_PROBLEM TO SOLVE_
Return only this: the line with "have : 5 <= N%:R :> R by rewrite ler_nat." and all the lines that follow it below, through the final one, exactly as they are.

Top of SUPPLIED DATA

Lemma cdiff_ordS (i j : 'I_N) :
  cdiff (ordS i) j = if cdiff i j == 0%N then (N - 1)%N else (cdiff i j - 1)%N.
Proof.
rewrite !cdiffE val_ordS; have := ltn_ord i; have := ltn_ord j.
by case: (leqP i j); repeat case: ifP; move=> *; lia.
Qed.

Lemma cdiff_ord_pred (i j : 'I_N) :
  cdiff (ord_pred i) j = if (cdiff i j).+1 == N then 0%N else (cdiff i j).+1.
Proof.
rewrite !cdiffE val_ord_pred; have := ltn_ord i; have := ltn_ord j.
by case: (leqP i j); repeat case: ifP; move=> *; lia.
Qed.

Lemma cdiffC (i j : 'I_N) : i != j -> cdiff j i = (N - cdiff i j)%N.
Proof.
rewrite -val_eqE !cdiffE /=; have := ltn_ord i; have := ltn_ord j.
by case: (leqP i j); case: (leqP j i) => *; apply/eqP; lia.
Qed.

Lemma adjG1E (i k : 'I_N) : adjG1 i k = (k \notin [set i; ordS i; ord_pred i]).
Proof. by rewrite /adjG1 cdiff_eq1 cdiff_eqN1 !inE (eq_sym i) !negb_or andbA. Qed.

Lemma ordS_neq (i : 'I_N) : ordS i != i.
Proof. by rewrite -val_eqE val_ordS /=; case: (eqVneq i.+1 N) => *; apply/eqP; lia. Qed.

Lemma ord_pred_neq (i : 'I_N) : ord_pred i != i.
Proof.
by rewrite -val_eqE val_ord_pred /=; case: (eqVneq (i : nat) 0%N) => *; apply/eqP; lia.
Qed.

Lemma ordS_neq_pred (i : 'I_N) : ordS i != ord_pred i.
Proof.
rewrite -val_eqE val_ordS val_ord_pred /=; have := ltn_ord i.
by case: (eqVneq i.+1 N); case: (eqVneq (i : nat) 0%N) => *; apply/eqP; lia.
Qed.

Lemma card_adjG1 (i : 'I_N) : #|[pred k | adjG1 i k]| = (N - 3)%N.
Proof.
rewrite (eq_card (B := ~: [set i; ordS i; ord_pred i])); last first.
  by move=> k; rewrite in_setC -adjG1E.
have := cardsC [set i; ordS i; ord_pred i]; rewrite card_ord setUC cardsU1 cards2 !inE.
rewrite (negbTE (ord_pred_neq i)) (eq_sym (ord_pred i)) (negbTE (ordS_neq_pred i)).
by rewrite (eq_sym i) ordS_neq; lia.
Qed.

End CycleComplement.

Lemma quad_resE (F : nzRingType) n (A : 'M[F]_n) (u v : 'I_n) :
  quad_res A u v = A u u + A v v - A u v - A v u.
Proof.
have entry (a b : 'I_n) :
    (delta_mx 0 a : 'rV[F]_n) *m A *m (delta_mx b 0 : 'cV[F]_n) = (A a b)%:M.
  by apply/matrixP => i j; rewrite !ord1 -rowE -colE !mxE eqxx mulr1n.
rewrite /quad_res linearB /= !trmx_delta mulmxBl !mulmxBr !mulmxBl.
rewrite (entry u u) (entry u v) (entry v u) (entry v v) !mxE !eqxx !mulr1n.
by rewrite opprB addrA [_ - A v u + _]addrAC (addrAC (A u u + A v v)).
Qed.

Lemma quad_form_ginv (F : comNzRingType) n (L X : 'M[F]_n) (y : 'cV[F]_n) :
  L^T = L -> L *m X *m L = L -> (L *m y)^T *m X *m (L *m y) = y^T *m (L *m y).
Proof.
by move=> trL LXL; rewrite trmx_mul trL !mulmxA -(mulmxA _ L X) -(mulmxA _ _ L) LXL.
Qed.

Section PinvSubJ.
Variables (F : fieldType) (n : nat) (K G J : 'M[F]_n) (a : F).
Hypotheses (a_neq0 : a != 0) (trK : K^T = K) (trJ : J^T = J).
Hypotheses (KG : K *m G = 1%:M) (KJ : K *m J = a *: J) (JJ : J *m J = a *: J).

Let GK : G *m K = 1%:M := mulmx1C KG.

Let JK : J *m K = a *: J.
Proof. by rewrite -[LHS]trmxK trmx_mul trK trJ KJ linearZ /= trJ. Qed.

Lemma mulmx_JG : J *m G = a^-1 *: J.
Proof.
have {1}-> : J = a^-1 *: (J *m K) by rewrite JK scalerA mulVf // scale1r.
by rewrite -scalemxAl -mulmxA KG mulmx1.
Qed.

Lemma mulmx_GJ : G *m J = a^-1 *: J.
Proof.
have {1}-> : J = a^-1 *: (K *m J) by rewrite KJ scalerA mulVf // scale1r.
by rewrite -scalemxAr mulmxA GK mul1mx.
Qed.

Lemma mulmx_subJ_inv : (K - J) *m G = 1%:M - a^-1 *: J.
Proof. by rewrite mulmxBl KG mulmx_JG. Qed.

Lemma is_MP_pinv_subJ : is_MP_pinv (K - J) (G - a ^- 2 *: J).
Proof.
set P := 1%:M - a^-1 *: J.
have JsubJ : J *m (K - J) = 0 by rewrite mulmxBr JK JJ subrr.
have subJJ : (K - J) *m J = 0 by rewrite mulmxBl KJ JJ subrr.
have LX : (K - J) *m (G - a ^- 2 *: J) = P.
  by rewrite mulmxBr mulmx_subJ_inv -scalemxAr subJJ scaler0 subr0.
have XL : (G - a ^- 2 *: J) *m (K - J) = P.
  by rewrite mulmxBl -scalemxAl JsubJ scaler0 subr0 mulmxBr GK mulmx_GJ.
have trP : P^T = P by rewrite /P linearB /= trmx1 linearZ /= trJ.
split; rewrite ?LX ?XL ?trP //.
  by rewrite /P mulmxBl mul1mx -scalemxAl JsubJ scaler0 subr0.
rewrite /P mulmxBl mul1mx -scalemxAl mulmxBr -scalemxAr mulmx_JG JJ scalerA.
by rewrite (_ : a ^- 2 * a = a^-1) ?subrr ?scaler0 ?subr0 //; field.
Qed.

End PinvSubJ.

Section G1Matrices.
Variables (F : nzRingType) (N : nat).
Hypothesis N_gt2 : (2 < N)%N.
Local Notation J := (const_mx 1 : 'M[F]_N).

Definition cyc_tridiag : 'M[F]_N :=
  (N%:R - 2)%:M + rowsub (@ordS N) 1%:M + rowsub (@ord_pred N) 1%:M.

Lemma lapG1_cyc_tridiag : lapG1 F N = cyc_tridiag - J.
Proof.
apply/matrixP => i k; rewrite !mxE adjG1E // !inE !(eq_sym k).
have [<-|_] := eqVneq i k.
  rewrite card_adjG1 // mulr1n (negbTE (ordS_neq N_gt2 i)) (negbTE (ord_pred_neq N_gt2 i)).
  by rewrite !addr0 natrB // -[3%N]/(2 + 1)%N natrD opprD addrA.
rewrite mulr0n add0r /=.
have [<-|_] := eqVneq (ordS i) k.
  by rewrite eq_sym (negbTE (ordS_neq_pred N_gt2 i)) addr0 /= oppr0 subrr.
by case: eqVneq => _; rewrite /= ?oppr0 ?add0r ?subrr // sub0r.
Qed.

Lemma tr_cyc_tridiag : cyc_tridiag^T = cyc_tridiag.
Proof.
apply/matrixP => i k; rewrite !mxE.
have SP (x y : 'I_N) : (ordS x == y) = (ord_pred y == x).
  by apply/eqP/eqP => <-; rewrite ?ordSK ?ord_predK.
by rewrite (SP k i) -(SP i k) (eq_sym k) addrAC.
Qed.

Lemma tr_lapG1 : (lapG1 F N)^T = lapG1 F N.
Proof. by rewrite lapG1_cyc_tridiag linearB /= tr_cyc_tridiag trmx_const. Qed.

Lemma cyc_tridiag_const : cyc_tridiag *m J = N%:R *: J.
Proof.
rewrite !mulmxDl mul_scalar_mx !mul_rowsub_mx !mul1mx.
by apply/matrixP => i j; rewrite !mxE !mulr1 -addrA subrK.
Qed.

Lemma mul_const_mx1 : J *m J = N%:R *: J.
Proof.
apply/matrixP => i j; rewrite !mxE; under eq_bigr do rewrite !mxE mulr1.
by rewrite sumr_const card_ord mulr1.
Qed.

Definition circulant (g : nat -> F) : 'M[F]_N := \matrix_(i, j) g (cdiff i j).

Variable g : nat -> F.
Hypothesis g_sym : forall q, (q <= N)%N -> g (N - q)%N = g q.

Lemma tr_circulant : (circulant g)^T = circulant g.
Proof.
apply/matrixP => i j; rewrite !mxE; have [->//|ij] := eqVneq i j.
by rewrite cdiffC // g_sym // ltnW // cdiff_lt.
Qed.

Lemma quad_res_circulant u v : quad_res (circulant g) u v = 2 * (g 0 - g (cdiff u v)).
Proof.
have := congr1 (fun A : 'M[F]_N => A u v) tr_circulant.
rewrite quad_resE !mxE !cdiffnn => ->.
by rewrite mulr_natl mulr2n addrACA addrA.
Qed.

Hypothesis g_rec0 : (N%:R - 2) * g 0 + 2 * g 1 = 1.
Hypothesis g_rec : forall q, (0 < q < N)%N -> g q.-1 + (N%:R - 2) * g q + g q.+1 = 0.

Lemma cyc_tridiag_circulant : cyc_tridiag *m circulant g = 1%:M.
Proof.
rewrite !mulmxDl mul_scalar_mx !mul_rowsub_mx !mul1mx.
apply/matrixP => i j; rewrite !mxE cdiff_ordS // cdiff_ord_pred // (eq_sym i j) -cdiff_eq0 //.
move: (cdiff_lt i j); case: (cdiff i j) => [|q] q_lt /=.
  rewrite (_ : (1 == N) = false); last by apply/negbTE/eqP; lia.
  by rewrite g_sym ?(ltnW N_gt2) // -addrA -mulr2n -[g 1 *+ 2]mulr_natl g_rec0.
have -> : g (if q.+2 == N then 0%N else q.+2) = g q.+2.
  by case: eqVneq => // ->; rewrite -{1}(subnn N) g_sym.
by rewrite subn1 /= (addrC ((N%:R - 2) * _)); apply: (g_rec (q := q.+1) q_lt).
Qed.

End G1Matrices.

Section G1Pinv.
Variables (F : fieldType) (N : nat) (g : nat -> F).
Hypotheses (N_gt2 : (2 < N)%N) (N_neq0 : N%:R != 0 :> F).
Hypothesis g_sym : forall q, (q <= N)%N -> g (N - q)%N = g q.
Hypothesis g_rec0 : (N%:R - 2) * g 0 + 2 * g 1 = 1.
Hypothesis g_rec : forall q, (0 < q < N)%N -> g q.-1 + (N%:R - 2) * g q + g q.+1 = 0.

Let KG := cyc_tridiag_circulant N_gt2 g_sym g_rec0 g_rec.

Lemma is_MP_pinv_lapG1 : is_MP_pinv (lapG1 F N) (circulant N g - N%:R ^- 2 *: const_mx 1).
Proof.
rewrite lapG1_cyc_tridiag //; apply: is_MP_pinv_subJ => //.
- exact: tr_cyc_tridiag.
- exact: trmx_const.
- exact: cyc_tridiag_const.
- exact: mul_const_mx1.
Qed.

Lemma quad_res_lapG1 (X : 'M[F]_N) (u v : 'I_N) :
  lapG1 F N *m X *m lapG1 F N = lapG1 F N ->
  quad_res X u v = 2 * (g 0 - g (cdiff u v)).
Proof.
move=> LXL; set e : 'cV[F]_N := delta_mx u 0 - delta_mx v 0.
have Je : (const_mx 1 : 'M[F]_N) *m e = 0 by rewrite /e mulmxBr -!colE !col_const subrr.
have e_range : lapG1 F N *m (circulant N g *m e) = e.
  rewrite mulmxA lapG1_cyc_tridiag // (mulmx_subJ_inv N_neq0 _ _ KG) ?tr_cyc_tridiag //;
    rewrite ?trmx_const ?cyc_tridiag_const //.
  by rewrite mulmxBl mul1mx -scalemxAl Je scaler0 subr0.
rewrite -quad_res_circulant // /quad_res -/e -{1 2}e_range quad_form_ginv ?tr_lapG1 //.
by rewrite e_range trmx_mul tr_circulant // mulmxA.
Qed.

End G1Pinv.

Section CyclicGreen.
Variables (F : fieldType) (N : nat) (b s : F).
Hypothesis s_root : s ^+ 2 + b * s + 1 = 0.

(* The solutions of g(q-1) + b g(q) + g(q+1) = 0 are spanned by s^q and s^-q;
   s^q + s^(N-q) is the one invariant under q |-> N - q, and the denominator
   normalises the equation at q = 0. *)
Definition cyc_green (q : nat) : F :=
  (s ^+ q + s ^+ (N - q)) / ((s^-1 - s) * (s ^+ N - 1)).

Lemma cyc_green_sym q : (q <= N)%N -> cyc_green (N - q) = cyc_green q.
Proof. by move=> qN; rewrite /cyc_green subKn // addrC. Qed.

Lemma cyc_green_sub q : (q <= N)%N ->
  cyc_green 0 - cyc_green q =
  (1 - s ^+ q) * (1 - s ^+ (N - q)) / ((s^-1 - s) * (s ^+ N - 1)).
Proof.
move=> qN; rewrite /cyc_green -mulrBl subn0 expr0 -{1}(subnKC qN) exprD.
by congr (_ / _); ring.
Qed.

Lemma cyc_green_rec q : (0 < q < N)%N ->
  cyc_green q.-1 + b * cyc_green q + cyc_green q.+1 = 0.
Proof.
case: q => [//|p] /= pN; rewrite /cyc_green; set m := (N - p.+2)%N.
have [-> ->] : (N - p = m.+2)%N /\ (N - p.+1 = m.+1)%N by split; lia.
rewrite mulrA -!mulrDl; clearbody m.
have -> : s ^+ p + s ^+ m.+2 + b * (s ^+ p.+1 + s ^+ m.+1) + (s ^+ p.+2 + s ^+ m)
    = (s ^+ p + s ^+ m) * (s ^+ 2 + b * s + 1) by rewrite !exprS; ring.
by rewrite s_root mulr0 mul0r.
Qed.

Lemma cyc_green_rec0 : (0 < N)%N -> (s^-1 - s) * (s ^+ N - 1) != 0 ->
  b * cyc_green 0 + 2 * cyc_green 1 = 1.
Proof.
move=> N_gt0 nondeg; rewrite /cyc_green !mulrA -mulrDl.
apply: (mulIf nondeg); rewrite divfK // mul1r subn0 subn1 expr0 expr1.
have s_neq0 : s != 0.
  apply/eqP => s0; move: s_root; rewrite s0 expr0n mulr0 !add0r.
  by apply/eqP; exact: oner_neq0.
have b_eq : b = - (s + s^-1).
  apply: (mulIf s_neq0); rewrite mulNr mulrDl mulVf // -expr2.
  by apply/eqP; rewrite -addr_eq0 addrCA addrA s_root.
rewrite b_eq -(prednK N_gt0) exprS /=; move: (s ^+ N.-1) => x.
by field.
Qed.

End CyclicGreen.

Lemma mul_onesub_exprN_lt0 (R : realDomainType) (r : R) (m n : nat) :
  1 < r -> (0 < m)%N -> (0 < n)%N -> odd (m + n) ->
  (1 - (- r) ^+ m) * (1 - (- r) ^+ n) < 0.
Proof.
move=> r_gt1; wlog m_odd : m n / odd m.
  move=> gen m_gt0 n_gt0 mn_odd.
  have [m_odd|m_even] := boolP (odd m); first exact: gen m_odd m_gt0 n_gt0 mn_odd.
  rewrite mulrC; apply: gen => //; last by rewrite addnC.
  by move: mn_odd; rewrite oddD (negbTE m_even).
move=> m_gt0 n_gt0; rewrite oddD m_odd /= => n_even.
rewrite (exprNn r m) (exprNn r n) -(signr_odd _ m) -(signr_odd _ n) m_odd (negbTE n_even).
rewrite expr1 expr0 mulN1r mul1r opprK.
have rm : 1 < r ^+ m by rewrite exprn_egt1 // -lt0n.
have rn : 1 < r ^+ n by rewrite exprn_egt1 // -lt0n.
nra.
Qed.

Section G1Green.
Variables (R : rcfType) (N : nat).
Hypotheses (N_odd : odd N) (N_ge5 : (5 <= N)%N).
Local Notation Δ := (Delta1 R N).
Local Notation ρ := (rho1 R N).

Lemma Delta1_gt0 : 0 < Δ.
Proof. by rewrite /Delta1 sqrtr_gt0 ltr0n muln_gt0; apply/andP; split; lia. Qed.

Lemma sqr_Delta1 : Δ ^+ 2 = (N%:R - 2) ^+ 2 - 4.
Proof. by rewrite /Delta1 sqr_sqrtr ?ler0n // natrM natrB; [ring | lia]. Qed.

Lemma rho1_gt1 : 1 < ρ.
Proof.
have : 5 <= N%:R :> R by rewrite ler_nat.
have := Delta1_gt0; rewrite /rho1; lra.
Qed.

Lemma rho1_root : ρ ^+ 2 - (N%:R - 2) * ρ + 1 = 0.
Proof.
rewrite /rho1; transitivity ((Δ ^+ 2 - ((N%:R - 2) ^+ 2 - 4)) / 4); first by field.
by rewrite sqr_Delta1 subrr mul0r.
Qed.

Bottom of SUPPLIED DATA

_SOLUTION TO THE PROBLEM_
have : 5 <= N%:R :> R by rewrite ler_nat.
have := Delta1_gt0; rewrite /rho1; lra.
Qed.

Lemma rho1_root : ρ ^+ 2 - (N%:R - 2) * ρ + 1 = 0.
Proof.
rewrite /rho1; transitivity ((Δ ^+ 2 - ((N%:R - 2) ^+ 2 - 4)) / 4); first by field.
by rewrite sqr_Delta1 subrr mul0r.
Qed.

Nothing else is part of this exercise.